The court noted the obvious: that other law firms engaged in election lawsuits, but have not been targeted,. The EO amounts to a “class of one.” It targets one law firm by name, not a class of law firms or persons who engaged in given conduct. This violates the equal protection clause of the Fifth Amendment. DOJ mentioned the Mansfield Rule, which seeks to diversify law firms. Perkins Coie and Wilmer Cutler issued public statements supporting the Mansfield goal. But, so did 358 other law firms. The government offered no explanation for targeting the two firms, but not the other 358 law firms. As the court noted, “Judges are not required to exhibit a naiveté from which ordinary citizens are free.” United States v. Stanchich, 550 F.2d 1294, 1300 (2d Cir. 1977) (Friendly, J.). Whenever a Judge points out they are not required to ignore the obvious, a litigant has truly lost.

Bills of Attainder

The court mentioned bills of attainder in a lengthy footnote. Bills of attainder were used in colonial America to target colonists who had incurred the ire of the British government. Bills of attainder are essentially an act of government finding persons guilty of some offense with no process. Bills of attainder are prohibited twice in the U.S. Constitution. Those two sections address Congressional powers. There is no similar provision regarding Presidential powers.

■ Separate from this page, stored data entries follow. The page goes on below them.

(* Let $(u,g,r,h)$ be a symmetric RUM-NCF in which each $g(x,y)$ is strictly positive on $\mathbb{R}$, and let $(p,f)$ be an SCF-RT generated by it. Then for any $(x,y)\in D$, with $q=p(x,y)/p(y,x)$: if $u(x)\geq u(y)$ then $F(y,x)$ $q$-FSD $F(x,y)$, and if $u(x)>u(y)$ then $F(y,x)$ $q$-SFSD $F(x,y)$.
   Context: $X$ is a finite set of options; $C=\{(x,y): x,y\in X,\ x\neq y\}$; $D\subseteq C$ is a fixed non-empty set with $(x,y)\in D\Rightarrow (y,x)\in D$. An SCF $p$ assigns to each $(x,y)\in D$ a number $p(x,y)>0$ with $p(x,y)+p(y,x)=1$. An SCF-RT is a pair $(p,f)$ where $p$ is an SCF and $f$ assigns to each $(x,y)\in D$ a strictly positive density $f(x,y)$ on $\mathbb{R}^+$ with cdf $F(x,y)$. A RUM is a pair $(u,g)$ with $u:X\to\mathbb{R}$ and $g$ assigning to each $(x,y)\in C$ a density $g(x,y)$ on $\mathbb{R}$ (cdf $G(x,y)$) with $\int v\,g(x,y)(v)\,dv=u(x)-u(y)=:v(x,y)$, $g(x,y)(v)=g(y,x)(-v)$ for all $v$, and connected support. A RUM-CF is $(u,g,r)$ with $(u,g)$ a RUM and $r:\mathbb{R}^{++}\to\mathbb{R}^+$ continuous, strictly decreasing where $r(v)>0$, $\lim_{v\to0}r(v)=\infty$, $\lim_{v\to\infty}r(v)=0$; $r^{-1}(t)$ ($t>0$) is the inverse of $r$ restricted to $\{r>0\}$. It is symmetric if $g(x,y)(v(x,y)+\delta)=g(x,y)(v(x,y)-\delta)$ for all $(x,y)\in C$, $\delta\geq0$. A random utility model with a noisy chronometric function (RUM-NCF) is $(u,g,r,h)$ where $(u,g,r)$ is a RUM-CF and $h$ is a density on $\mathbb{R}^+$ of a non-negative random variable $\tilde\eta$ with mean one; the response time for realized utility difference $v$ is $r(|v|)\cdot\tilde\eta$ with $\tilde\eta$ independent. It is symmetric if $(u,g,r)$ is. An SCF-RT $(p,f)$ is generated by $(u,g,r,h)$ if for all $(x,y)\in D$: $p(y,x)=G(x,y)(0)$ and $F(x,y)(t)=\frac{\int_0^\infty[1-G(x,y)(r^{-1}(t/\eta))]h(\eta)\,d\eta}{1-G(x,y)(0)}$ for all $t>0$. For cdfs $G,H$ on $\mathbb{R}^+$ and $q>0$, $G$ $q$-FSD $H$ means $G(t)\leq qH(t)$ for all $t\geq0$; $q$-SFSD means additionally strict inequality for some $t$. *)

From HB Require Import structures.
From mathcomp Require Import all_boot all_order all_algebra.
From mathcomp Require Import all_classical all_reals all_analysis.
Set Implicit Arguments. Unset Strict Implicit. Unset Printing Implicit Defensive.
Import Order.TTheory GRing.Theory Num.Theory.
Import numFieldNormedType.Exports.
Local Open Scope classical_set_scope.
Local Open Scope ring_scope.

Section Defs.
Variable R : realType.
Local Notation mu := (@lebesgue_measure R).
Definition Rplus_set : set R := `[0, +oo[%classic.

Definition density_R (g : R -> R) : Prop :=
  [/\ measurable_fun setT g, (forall v, 0 <= g v)
    & (\int[mu]_(v in setT) (g v)%:E = 1)%E].

(* a probability density on R+ = [0, +oo) (values on negatives irrelevant) *)
Definition density_Rplus (f : R -> R) : Prop :=
  [/\ measurable_fun Rplus_set f, (forall t, 0 <= t -> 0 <= f t)
    & (\int[mu]_(t in Rplus_set) (f t)%:E = 1)%E].

Definition cdf_R (g : R -> R) (t : R) : R :=
  Rintegral mu (`]-oo, t]%classic : set R) g.

Definition cdf_Rplus (f : R -> R) (t : R) : R :=
  Rintegral mu (`[0, t]%classic : set R) f.

Definition support (g : R -> R) : set R := closure [set v | 0 < g v].

Definition is_domain (X : finType) (D : set (X * X)) : Prop :=
  [/\ D !=set0, (forall x y, D (x, y) -> x != y)
    & (forall x y, D (x, y) -> D (y, x))].

Definition is_SCF (X : finType) (D : set (X * X)) (p : X -> X -> R) : Prop :=
  forall x y, D (x, y) -> 0 < p x y /\ p x y + p y x = 1.

(* SCF-RT (p,f); the cdf F(x,y) is cdf_Rplus (f x y) *)
Definition is_SCF_RT (X : finType) (D : set (X * X))
    (p : X -> X -> R) (f : X -> X -> R -> R) : Prop :=
  is_SCF D p /\
  forall x y, D (x, y) ->
    density_Rplus (f x y) /\ (forall t, 0 <= t -> 0 < f x y t).

(* RUM (u,g): g(x,y) defined for all (x,y) in C, i.e. x <> y *)
Definition is_RUM (X : finType) (u : X -> R) (g : X -> X -> R -> R) : Prop :=
  forall x y, x != y ->
    [/\ density_R (g x y),
        mu.-integrable setT (fun v => (v * g x y v)%:E),
        Rintegral mu setT (fun v => v * g x y v) = u x - u y,
        (forall v, g x y v = g y x (- v))
      & connected (support (g x y))].

(* chronometric function r : R++ -> R+ (values at v <= 0 irrelevant) *)
Definition is_chronometric (r : R -> R) : Prop :=
  [/\ (forall v, 0 < v -> 0 <= r v),
      {within (`]0, +oo[%classic : set R), continuous r},
      (forall a b, 0 < a -> a < b -> 0 < r a -> 0 < r b -> r b < r a),
      r x @[x --> 0^'+] --> +oo
    & r x @[x --> +oo] --> 0].

Definition rinv (r : R -> R) (t : R) : R :=
  xget 0 [set v | 0 < v /\ 0 < r v /\ r v = t].

Definition is_RUM_CF (X : finType) (u : X -> R) (g : X -> X -> R -> R)
    (r : R -> R) : Prop :=
  is_RUM u g /\ is_chronometric r.

Definition symmetric_RUM_CF (X : finType) (u : X -> R) (g : X -> X -> R -> R)
    : Prop :=
  forall x y, x != y -> forall d, 0 <= d ->
    g x y (u x - u y + d) = g x y (u x - u y - d).

Definition is_noise (h : R -> R) : Prop :=
  [/\ density_Rplus h,
      mu.-integrable Rplus_set (fun e => (e * h e)%:E)
    & Rintegral mu Rplus_set (fun e => e * h e) = 1].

The court notes that this EO is similar to a bill of attainder. It finds the two law firms guilty of perceived offenses with no hearing or trial. The court does not directly address the issue since the plaintiffs did not present the issue as a claim. But, if Congress cannot pass a bill of attainder and if the President must enforce the laws passed by Congress, it would seem that neither may the President engage in bills of attainder.

In the end, the court was forced to do a lot of research and draft a book-length decision, but in the end, this was an easy decision for the Judge. And, I have to ask, what lawyer would accept defending such a case?